#### EXERCISE:
Retype the line containing "Definition commutator_mx (R" and each later line through the end of the listing, exactly as written, with no other lines.

#### RECORDS SUPPLIED:
____

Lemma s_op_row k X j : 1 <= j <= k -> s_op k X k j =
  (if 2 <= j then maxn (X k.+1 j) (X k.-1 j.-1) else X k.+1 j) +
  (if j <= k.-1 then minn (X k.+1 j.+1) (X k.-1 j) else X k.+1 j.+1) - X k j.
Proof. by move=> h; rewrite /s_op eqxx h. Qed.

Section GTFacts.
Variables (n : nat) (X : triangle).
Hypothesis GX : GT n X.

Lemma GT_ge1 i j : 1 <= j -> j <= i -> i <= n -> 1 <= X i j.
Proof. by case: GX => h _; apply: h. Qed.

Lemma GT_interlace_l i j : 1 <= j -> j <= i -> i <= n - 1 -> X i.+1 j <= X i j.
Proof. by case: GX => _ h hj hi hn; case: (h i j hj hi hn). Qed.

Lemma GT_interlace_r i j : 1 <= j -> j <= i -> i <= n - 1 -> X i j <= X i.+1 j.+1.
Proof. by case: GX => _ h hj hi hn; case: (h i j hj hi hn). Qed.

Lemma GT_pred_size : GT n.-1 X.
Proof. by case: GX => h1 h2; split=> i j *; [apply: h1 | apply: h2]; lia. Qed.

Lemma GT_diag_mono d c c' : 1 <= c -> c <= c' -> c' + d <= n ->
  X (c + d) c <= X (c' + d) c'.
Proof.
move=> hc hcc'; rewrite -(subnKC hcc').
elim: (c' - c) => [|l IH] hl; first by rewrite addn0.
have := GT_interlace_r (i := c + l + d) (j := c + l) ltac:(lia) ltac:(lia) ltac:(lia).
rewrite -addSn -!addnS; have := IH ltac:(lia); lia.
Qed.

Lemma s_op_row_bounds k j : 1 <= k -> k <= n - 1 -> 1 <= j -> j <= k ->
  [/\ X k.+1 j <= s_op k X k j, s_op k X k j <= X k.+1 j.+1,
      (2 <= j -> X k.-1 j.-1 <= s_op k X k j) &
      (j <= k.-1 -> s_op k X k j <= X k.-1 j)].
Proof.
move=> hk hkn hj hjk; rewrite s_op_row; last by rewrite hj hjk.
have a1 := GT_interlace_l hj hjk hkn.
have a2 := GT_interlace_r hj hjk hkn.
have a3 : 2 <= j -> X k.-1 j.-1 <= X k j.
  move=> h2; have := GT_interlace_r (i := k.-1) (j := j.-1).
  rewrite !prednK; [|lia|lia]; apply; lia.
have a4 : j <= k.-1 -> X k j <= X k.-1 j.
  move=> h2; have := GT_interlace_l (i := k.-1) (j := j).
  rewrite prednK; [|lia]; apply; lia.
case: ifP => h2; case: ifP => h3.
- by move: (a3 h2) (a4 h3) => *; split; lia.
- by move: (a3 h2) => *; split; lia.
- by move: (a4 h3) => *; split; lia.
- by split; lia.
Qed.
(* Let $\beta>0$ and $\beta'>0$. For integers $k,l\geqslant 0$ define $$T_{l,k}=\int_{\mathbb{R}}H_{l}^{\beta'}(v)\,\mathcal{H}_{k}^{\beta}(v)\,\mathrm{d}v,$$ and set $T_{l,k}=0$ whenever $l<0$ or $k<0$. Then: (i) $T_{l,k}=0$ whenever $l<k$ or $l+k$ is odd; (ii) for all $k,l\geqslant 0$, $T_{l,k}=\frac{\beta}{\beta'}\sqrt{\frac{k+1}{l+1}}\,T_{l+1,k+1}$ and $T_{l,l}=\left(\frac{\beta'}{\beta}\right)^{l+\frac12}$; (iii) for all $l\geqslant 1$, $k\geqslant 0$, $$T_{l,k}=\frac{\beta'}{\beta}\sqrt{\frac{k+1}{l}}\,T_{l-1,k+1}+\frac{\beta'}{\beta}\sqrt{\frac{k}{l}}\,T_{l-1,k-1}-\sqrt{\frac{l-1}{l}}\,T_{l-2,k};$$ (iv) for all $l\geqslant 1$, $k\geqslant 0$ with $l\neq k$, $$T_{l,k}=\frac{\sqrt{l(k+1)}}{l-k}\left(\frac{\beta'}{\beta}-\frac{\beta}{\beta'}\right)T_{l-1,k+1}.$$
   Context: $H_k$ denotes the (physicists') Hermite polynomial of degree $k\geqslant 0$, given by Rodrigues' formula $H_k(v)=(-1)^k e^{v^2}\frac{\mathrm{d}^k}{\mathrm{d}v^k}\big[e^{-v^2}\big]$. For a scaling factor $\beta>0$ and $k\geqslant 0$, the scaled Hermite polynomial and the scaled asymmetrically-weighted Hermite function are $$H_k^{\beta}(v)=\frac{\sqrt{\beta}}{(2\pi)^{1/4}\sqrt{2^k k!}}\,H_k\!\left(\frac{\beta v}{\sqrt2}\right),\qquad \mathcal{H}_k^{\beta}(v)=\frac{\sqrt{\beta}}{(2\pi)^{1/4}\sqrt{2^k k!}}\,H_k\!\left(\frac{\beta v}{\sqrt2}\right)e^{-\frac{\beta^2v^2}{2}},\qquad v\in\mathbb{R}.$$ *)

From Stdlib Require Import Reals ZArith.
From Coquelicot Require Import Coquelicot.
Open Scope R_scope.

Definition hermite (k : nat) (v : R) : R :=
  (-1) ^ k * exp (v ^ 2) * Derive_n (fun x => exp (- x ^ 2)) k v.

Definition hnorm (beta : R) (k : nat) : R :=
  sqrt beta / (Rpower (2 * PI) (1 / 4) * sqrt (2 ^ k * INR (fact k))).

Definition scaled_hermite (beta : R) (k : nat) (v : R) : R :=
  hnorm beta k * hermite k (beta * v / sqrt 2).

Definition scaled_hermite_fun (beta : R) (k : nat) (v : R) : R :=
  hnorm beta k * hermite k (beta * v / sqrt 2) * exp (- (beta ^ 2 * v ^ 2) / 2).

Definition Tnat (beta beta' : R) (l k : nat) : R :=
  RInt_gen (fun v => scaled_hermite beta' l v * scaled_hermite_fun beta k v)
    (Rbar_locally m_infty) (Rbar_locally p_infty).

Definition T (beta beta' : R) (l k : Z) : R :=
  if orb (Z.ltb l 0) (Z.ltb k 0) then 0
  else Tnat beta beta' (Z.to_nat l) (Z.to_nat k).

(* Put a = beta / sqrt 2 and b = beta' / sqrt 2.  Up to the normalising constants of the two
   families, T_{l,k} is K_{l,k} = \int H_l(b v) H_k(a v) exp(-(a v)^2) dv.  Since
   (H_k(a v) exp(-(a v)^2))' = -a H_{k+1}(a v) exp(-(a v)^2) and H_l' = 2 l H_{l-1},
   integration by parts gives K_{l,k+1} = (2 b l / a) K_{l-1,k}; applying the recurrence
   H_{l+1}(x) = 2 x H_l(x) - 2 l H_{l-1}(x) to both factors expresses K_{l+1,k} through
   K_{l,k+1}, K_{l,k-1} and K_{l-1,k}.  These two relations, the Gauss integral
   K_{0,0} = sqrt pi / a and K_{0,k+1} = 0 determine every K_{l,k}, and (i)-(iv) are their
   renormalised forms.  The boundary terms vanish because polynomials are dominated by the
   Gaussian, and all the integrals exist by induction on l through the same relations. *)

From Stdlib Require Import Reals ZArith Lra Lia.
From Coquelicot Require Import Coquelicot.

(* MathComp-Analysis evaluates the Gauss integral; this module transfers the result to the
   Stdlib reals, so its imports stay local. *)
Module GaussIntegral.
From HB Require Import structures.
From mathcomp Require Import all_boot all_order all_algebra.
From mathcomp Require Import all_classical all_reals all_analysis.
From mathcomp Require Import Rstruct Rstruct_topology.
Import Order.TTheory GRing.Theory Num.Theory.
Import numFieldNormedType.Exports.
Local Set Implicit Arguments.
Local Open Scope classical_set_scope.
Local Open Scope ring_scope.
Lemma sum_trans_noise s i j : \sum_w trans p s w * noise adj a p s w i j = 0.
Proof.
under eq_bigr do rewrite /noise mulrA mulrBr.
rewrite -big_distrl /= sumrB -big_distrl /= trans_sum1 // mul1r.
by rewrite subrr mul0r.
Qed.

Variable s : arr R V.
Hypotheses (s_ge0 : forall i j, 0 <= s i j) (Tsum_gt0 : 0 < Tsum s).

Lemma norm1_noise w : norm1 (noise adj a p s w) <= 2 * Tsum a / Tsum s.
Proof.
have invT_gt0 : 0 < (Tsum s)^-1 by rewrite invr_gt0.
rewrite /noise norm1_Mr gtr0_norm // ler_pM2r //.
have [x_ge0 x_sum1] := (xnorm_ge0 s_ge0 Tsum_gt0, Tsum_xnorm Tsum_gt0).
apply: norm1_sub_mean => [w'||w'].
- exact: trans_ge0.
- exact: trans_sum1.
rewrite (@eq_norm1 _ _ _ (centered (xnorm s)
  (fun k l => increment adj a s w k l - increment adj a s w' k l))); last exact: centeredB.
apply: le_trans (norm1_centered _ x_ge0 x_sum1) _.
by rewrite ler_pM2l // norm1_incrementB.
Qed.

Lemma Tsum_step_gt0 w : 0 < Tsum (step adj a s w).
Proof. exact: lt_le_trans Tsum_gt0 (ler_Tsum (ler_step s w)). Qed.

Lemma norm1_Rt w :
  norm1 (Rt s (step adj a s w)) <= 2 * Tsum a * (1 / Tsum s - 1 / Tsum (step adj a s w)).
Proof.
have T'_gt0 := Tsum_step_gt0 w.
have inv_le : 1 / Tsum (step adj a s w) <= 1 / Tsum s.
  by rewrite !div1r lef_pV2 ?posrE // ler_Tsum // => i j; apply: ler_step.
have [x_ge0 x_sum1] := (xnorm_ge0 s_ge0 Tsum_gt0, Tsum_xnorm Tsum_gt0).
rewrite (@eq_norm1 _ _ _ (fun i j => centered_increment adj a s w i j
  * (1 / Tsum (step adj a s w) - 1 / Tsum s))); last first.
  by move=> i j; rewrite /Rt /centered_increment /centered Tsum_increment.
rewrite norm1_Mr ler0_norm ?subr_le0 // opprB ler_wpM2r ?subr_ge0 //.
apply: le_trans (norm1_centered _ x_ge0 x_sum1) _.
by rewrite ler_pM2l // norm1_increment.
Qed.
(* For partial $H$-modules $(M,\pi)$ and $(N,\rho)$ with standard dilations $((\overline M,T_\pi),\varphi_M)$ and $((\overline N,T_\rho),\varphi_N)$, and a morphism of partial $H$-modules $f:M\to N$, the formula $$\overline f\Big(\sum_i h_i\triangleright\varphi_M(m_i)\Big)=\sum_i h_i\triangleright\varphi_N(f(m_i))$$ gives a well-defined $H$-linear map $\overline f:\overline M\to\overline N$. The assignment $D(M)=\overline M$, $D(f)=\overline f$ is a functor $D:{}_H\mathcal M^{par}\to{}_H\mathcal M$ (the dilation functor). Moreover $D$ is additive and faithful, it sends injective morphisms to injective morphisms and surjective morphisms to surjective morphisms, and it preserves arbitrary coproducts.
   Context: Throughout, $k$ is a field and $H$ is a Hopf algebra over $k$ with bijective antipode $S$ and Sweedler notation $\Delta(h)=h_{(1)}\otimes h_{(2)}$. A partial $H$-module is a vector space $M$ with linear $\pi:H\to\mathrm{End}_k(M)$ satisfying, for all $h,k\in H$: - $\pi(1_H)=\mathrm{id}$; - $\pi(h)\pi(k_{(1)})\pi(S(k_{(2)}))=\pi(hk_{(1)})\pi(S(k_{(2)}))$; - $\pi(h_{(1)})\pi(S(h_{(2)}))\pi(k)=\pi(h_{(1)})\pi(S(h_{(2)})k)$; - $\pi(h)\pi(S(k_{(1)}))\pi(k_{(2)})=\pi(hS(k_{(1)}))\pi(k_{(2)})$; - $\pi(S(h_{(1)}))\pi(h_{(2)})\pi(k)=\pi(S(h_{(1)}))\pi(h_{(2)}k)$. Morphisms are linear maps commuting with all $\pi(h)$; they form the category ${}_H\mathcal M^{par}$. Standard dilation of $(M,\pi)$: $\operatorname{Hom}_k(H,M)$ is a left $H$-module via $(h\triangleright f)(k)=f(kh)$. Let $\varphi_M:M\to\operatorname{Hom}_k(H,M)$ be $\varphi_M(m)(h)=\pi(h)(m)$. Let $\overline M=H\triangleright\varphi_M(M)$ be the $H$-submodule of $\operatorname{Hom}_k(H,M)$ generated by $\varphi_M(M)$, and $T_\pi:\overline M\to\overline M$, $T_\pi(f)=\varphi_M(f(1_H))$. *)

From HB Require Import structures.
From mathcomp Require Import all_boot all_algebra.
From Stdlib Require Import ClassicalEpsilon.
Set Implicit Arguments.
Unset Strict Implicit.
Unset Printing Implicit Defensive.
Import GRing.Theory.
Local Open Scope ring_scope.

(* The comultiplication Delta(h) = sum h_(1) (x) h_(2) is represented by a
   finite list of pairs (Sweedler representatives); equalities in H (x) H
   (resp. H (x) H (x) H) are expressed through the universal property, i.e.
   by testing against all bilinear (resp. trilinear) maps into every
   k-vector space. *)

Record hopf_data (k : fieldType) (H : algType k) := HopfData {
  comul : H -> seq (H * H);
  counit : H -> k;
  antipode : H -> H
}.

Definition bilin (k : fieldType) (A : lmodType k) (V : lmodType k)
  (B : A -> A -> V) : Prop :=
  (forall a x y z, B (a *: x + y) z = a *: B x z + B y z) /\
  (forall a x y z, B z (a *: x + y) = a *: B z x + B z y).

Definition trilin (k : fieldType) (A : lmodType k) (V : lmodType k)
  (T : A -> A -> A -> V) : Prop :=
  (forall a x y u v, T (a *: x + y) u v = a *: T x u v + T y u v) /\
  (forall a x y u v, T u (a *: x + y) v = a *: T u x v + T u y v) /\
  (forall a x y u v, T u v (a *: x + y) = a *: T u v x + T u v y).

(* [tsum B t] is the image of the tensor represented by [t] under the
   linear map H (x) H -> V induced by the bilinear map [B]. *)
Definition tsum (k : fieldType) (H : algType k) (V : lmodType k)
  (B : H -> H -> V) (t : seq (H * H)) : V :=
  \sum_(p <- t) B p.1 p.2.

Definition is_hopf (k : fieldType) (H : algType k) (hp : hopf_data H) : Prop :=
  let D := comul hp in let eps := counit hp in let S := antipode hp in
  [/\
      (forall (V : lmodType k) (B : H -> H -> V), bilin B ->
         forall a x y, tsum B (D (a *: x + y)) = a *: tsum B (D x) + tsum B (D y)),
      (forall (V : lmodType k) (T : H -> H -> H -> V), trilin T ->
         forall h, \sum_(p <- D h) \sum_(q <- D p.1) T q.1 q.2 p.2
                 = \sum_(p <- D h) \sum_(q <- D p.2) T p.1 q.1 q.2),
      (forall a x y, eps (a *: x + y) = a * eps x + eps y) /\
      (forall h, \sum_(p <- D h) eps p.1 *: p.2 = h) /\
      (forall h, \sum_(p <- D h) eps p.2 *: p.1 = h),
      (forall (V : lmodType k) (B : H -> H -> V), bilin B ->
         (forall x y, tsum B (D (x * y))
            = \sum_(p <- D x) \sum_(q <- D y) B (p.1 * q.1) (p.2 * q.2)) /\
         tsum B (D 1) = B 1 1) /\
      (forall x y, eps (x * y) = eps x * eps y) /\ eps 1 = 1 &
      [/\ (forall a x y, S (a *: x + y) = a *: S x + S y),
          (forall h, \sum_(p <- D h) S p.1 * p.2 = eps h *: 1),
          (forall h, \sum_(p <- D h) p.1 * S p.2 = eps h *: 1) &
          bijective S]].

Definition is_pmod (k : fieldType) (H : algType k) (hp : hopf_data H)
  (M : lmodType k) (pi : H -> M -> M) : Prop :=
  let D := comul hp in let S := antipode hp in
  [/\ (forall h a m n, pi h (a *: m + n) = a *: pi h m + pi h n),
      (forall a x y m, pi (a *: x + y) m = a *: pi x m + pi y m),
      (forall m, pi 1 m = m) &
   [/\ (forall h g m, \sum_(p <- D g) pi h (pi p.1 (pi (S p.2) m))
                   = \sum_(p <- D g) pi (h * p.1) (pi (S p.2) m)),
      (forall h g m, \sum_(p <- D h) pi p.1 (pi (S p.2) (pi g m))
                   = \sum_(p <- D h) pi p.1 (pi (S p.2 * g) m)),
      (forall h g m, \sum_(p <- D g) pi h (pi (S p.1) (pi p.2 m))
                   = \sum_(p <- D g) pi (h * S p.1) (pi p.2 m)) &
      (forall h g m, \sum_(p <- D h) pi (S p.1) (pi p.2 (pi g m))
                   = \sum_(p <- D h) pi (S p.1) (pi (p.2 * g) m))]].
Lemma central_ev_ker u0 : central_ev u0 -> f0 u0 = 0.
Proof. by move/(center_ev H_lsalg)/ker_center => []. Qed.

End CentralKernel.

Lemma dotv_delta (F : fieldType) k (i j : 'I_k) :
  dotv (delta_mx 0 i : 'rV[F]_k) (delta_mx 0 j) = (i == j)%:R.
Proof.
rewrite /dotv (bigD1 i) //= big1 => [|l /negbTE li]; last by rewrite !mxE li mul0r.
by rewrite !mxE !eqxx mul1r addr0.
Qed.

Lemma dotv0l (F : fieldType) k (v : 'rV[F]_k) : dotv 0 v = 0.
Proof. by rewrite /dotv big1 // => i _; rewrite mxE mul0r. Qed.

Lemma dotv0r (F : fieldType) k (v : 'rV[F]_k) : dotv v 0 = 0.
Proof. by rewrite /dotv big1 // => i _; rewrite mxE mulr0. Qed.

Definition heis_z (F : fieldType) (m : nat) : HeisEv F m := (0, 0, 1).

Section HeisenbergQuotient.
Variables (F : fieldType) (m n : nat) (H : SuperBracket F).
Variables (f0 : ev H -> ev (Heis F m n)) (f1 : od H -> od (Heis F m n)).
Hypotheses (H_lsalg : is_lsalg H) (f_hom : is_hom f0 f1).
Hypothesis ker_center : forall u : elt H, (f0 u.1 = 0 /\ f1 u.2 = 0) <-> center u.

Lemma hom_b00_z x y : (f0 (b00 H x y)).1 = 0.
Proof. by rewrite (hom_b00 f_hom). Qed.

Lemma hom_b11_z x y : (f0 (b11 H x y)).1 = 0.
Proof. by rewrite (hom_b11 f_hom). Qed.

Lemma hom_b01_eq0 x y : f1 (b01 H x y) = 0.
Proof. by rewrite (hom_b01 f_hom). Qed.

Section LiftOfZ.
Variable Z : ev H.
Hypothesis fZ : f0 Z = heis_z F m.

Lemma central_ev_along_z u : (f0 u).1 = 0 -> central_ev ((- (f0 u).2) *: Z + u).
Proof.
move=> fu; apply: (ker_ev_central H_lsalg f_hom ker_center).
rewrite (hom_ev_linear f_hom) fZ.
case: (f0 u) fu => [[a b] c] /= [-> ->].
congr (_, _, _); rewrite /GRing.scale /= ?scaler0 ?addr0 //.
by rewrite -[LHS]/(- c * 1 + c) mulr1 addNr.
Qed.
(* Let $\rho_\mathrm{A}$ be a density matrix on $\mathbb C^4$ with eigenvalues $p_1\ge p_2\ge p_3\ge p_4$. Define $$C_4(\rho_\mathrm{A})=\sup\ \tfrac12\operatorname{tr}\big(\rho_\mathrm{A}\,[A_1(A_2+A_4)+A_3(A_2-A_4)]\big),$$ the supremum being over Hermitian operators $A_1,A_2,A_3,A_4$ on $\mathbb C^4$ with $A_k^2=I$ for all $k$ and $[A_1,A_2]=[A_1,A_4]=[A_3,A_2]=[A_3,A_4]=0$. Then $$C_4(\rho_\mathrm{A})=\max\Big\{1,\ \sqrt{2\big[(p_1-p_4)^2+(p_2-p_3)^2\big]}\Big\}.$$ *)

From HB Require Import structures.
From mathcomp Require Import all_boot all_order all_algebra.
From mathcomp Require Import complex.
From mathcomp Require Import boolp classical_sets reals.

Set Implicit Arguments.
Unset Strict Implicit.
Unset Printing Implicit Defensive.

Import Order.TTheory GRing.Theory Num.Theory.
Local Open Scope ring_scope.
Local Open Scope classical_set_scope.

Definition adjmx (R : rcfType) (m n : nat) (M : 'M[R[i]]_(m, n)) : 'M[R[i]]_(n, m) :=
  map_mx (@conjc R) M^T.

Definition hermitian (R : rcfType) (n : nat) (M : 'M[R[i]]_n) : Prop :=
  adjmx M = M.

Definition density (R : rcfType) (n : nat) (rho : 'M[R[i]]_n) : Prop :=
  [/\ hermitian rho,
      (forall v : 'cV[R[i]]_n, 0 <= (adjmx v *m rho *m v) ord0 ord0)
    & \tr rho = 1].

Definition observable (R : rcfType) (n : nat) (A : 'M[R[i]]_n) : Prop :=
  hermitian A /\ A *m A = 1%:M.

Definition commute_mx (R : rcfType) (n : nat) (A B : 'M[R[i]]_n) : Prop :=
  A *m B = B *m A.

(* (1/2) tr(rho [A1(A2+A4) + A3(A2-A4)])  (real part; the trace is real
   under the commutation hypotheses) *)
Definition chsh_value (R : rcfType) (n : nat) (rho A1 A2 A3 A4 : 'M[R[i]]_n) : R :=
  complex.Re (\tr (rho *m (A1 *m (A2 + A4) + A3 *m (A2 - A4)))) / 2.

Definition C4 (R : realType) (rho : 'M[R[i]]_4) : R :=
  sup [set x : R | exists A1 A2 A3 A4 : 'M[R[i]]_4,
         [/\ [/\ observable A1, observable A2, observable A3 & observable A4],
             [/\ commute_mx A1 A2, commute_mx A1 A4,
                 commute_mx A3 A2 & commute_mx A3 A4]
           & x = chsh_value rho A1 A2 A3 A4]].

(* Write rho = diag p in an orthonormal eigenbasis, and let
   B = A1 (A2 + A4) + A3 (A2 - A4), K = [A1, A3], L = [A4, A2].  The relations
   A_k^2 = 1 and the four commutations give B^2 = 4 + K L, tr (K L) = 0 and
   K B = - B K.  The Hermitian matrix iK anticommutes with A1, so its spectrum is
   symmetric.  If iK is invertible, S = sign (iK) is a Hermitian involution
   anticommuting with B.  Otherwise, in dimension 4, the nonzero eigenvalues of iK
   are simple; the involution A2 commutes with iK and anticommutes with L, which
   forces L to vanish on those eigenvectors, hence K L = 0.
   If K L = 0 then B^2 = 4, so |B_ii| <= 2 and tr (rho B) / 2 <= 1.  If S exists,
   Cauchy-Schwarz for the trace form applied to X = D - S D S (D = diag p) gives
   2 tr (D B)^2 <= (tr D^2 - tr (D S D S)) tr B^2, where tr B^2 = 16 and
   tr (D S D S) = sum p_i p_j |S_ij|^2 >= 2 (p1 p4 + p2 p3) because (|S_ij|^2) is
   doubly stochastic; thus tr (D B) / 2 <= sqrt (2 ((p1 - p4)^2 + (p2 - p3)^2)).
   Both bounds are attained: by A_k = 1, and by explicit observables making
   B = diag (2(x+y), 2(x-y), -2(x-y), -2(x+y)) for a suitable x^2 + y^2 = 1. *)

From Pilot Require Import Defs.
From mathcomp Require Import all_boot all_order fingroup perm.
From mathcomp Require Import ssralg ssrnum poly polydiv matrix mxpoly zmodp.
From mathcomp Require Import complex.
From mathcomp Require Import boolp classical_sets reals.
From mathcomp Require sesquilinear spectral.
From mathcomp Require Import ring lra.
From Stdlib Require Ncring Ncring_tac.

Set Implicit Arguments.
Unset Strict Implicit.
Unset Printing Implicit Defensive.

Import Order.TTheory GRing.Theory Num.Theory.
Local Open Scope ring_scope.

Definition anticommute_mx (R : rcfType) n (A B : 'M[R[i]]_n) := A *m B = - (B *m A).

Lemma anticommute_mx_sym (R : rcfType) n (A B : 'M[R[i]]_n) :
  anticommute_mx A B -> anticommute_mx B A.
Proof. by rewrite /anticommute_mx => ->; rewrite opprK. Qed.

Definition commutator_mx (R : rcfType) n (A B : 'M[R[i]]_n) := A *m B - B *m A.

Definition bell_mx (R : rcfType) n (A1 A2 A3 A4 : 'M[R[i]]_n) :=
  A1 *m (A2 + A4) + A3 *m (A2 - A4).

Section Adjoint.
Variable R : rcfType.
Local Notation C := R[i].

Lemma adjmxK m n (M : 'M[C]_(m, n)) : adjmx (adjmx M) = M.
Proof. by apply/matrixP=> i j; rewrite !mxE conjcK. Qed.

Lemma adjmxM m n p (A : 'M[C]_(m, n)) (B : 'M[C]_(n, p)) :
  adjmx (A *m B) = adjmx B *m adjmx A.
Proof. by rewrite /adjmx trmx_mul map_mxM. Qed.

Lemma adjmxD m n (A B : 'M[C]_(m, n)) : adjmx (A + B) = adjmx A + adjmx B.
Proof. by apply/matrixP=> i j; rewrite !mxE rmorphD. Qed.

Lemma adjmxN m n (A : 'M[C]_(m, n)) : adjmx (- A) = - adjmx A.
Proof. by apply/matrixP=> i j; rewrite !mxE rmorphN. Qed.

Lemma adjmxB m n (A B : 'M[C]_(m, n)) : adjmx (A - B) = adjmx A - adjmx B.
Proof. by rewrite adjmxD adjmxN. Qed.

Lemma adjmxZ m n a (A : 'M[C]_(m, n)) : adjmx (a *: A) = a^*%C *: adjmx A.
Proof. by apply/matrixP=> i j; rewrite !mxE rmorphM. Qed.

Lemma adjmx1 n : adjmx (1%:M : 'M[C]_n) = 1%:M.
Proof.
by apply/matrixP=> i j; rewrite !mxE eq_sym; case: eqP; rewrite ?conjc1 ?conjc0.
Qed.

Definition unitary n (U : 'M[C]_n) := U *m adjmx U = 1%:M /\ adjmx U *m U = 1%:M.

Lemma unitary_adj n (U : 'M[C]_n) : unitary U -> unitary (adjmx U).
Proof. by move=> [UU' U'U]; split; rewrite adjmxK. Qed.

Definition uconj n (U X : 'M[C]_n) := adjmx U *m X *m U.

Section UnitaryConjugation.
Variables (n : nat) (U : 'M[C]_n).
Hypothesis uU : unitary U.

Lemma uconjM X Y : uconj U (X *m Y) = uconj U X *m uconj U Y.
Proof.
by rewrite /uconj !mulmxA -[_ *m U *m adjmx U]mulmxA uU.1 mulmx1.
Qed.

____

#### WRITTEN ANSWER:
Definition commutator_mx (R : rcfType) n (A B : 'M[R[i]]_n) := A *m B - B *m A.

Definition bell_mx (R : rcfType) n (A1 A2 A3 A4 : 'M[R[i]]_n) :=
  A1 *m (A2 + A4) + A3 *m (A2 - A4).

Section Adjoint.
Variable R : rcfType.
Local Notation C := R[i].

Lemma adjmxK m n (M : 'M[C]_(m, n)) : adjmx (adjmx M) = M.
Proof. by apply/matrixP=> i j; rewrite !mxE conjcK. Qed.

Lemma adjmxM m n p (A : 'M[C]_(m, n)) (B : 'M[C]_(n, p)) :
  adjmx (A *m B) = adjmx B *m adjmx A.
Proof. by rewrite /adjmx trmx_mul map_mxM. Qed.

Lemma adjmxD m n (A B : 'M[C]_(m, n)) : adjmx (A + B) = adjmx A + adjmx B.
Proof. by apply/matrixP=> i j; rewrite !mxE rmorphD. Qed.

Lemma adjmxN m n (A : 'M[C]_(m, n)) : adjmx (- A) = - adjmx A.
Proof. by apply/matrixP=> i j; rewrite !mxE rmorphN. Qed.

Lemma adjmxB m n (A B : 'M[C]_(m, n)) : adjmx (A - B) = adjmx A - adjmx B.
Proof. by rewrite adjmxD adjmxN. Qed.

Lemma adjmxZ m n a (A : 'M[C]_(m, n)) : adjmx (a *: A) = a^*%C *: adjmx A.
Proof. by apply/matrixP=> i j; rewrite !mxE rmorphM. Qed.

Lemma adjmx1 n : adjmx (1%:M : 'M[C]_n) = 1%:M.
Proof.
by apply/matrixP=> i j; rewrite !mxE eq_sym; case: eqP; rewrite ?conjc1 ?conjc0.
Qed.

Definition unitary n (U : 'M[C]_n) := U *m adjmx U = 1%:M /\ adjmx U *m U = 1%:M.

Lemma unitary_adj n (U : 'M[C]_n) : unitary U -> unitary (adjmx U).
Proof. by move=> [UU' U'U]; split; rewrite adjmxK. Qed.

Definition uconj n (U X : 'M[C]_n) := adjmx U *m X *m U.

Section UnitaryConjugation.
Variables (n : nat) (U : 'M[C]_n).
Hypothesis uU : unitary U.

Lemma uconjM X Y : uconj U (X *m Y) = uconj U X *m uconj U Y.
Proof.
by rewrite /uconj !mulmxA -[_ *m U *m adjmx U]mulmxA uU.1 mulmx1.
Qed.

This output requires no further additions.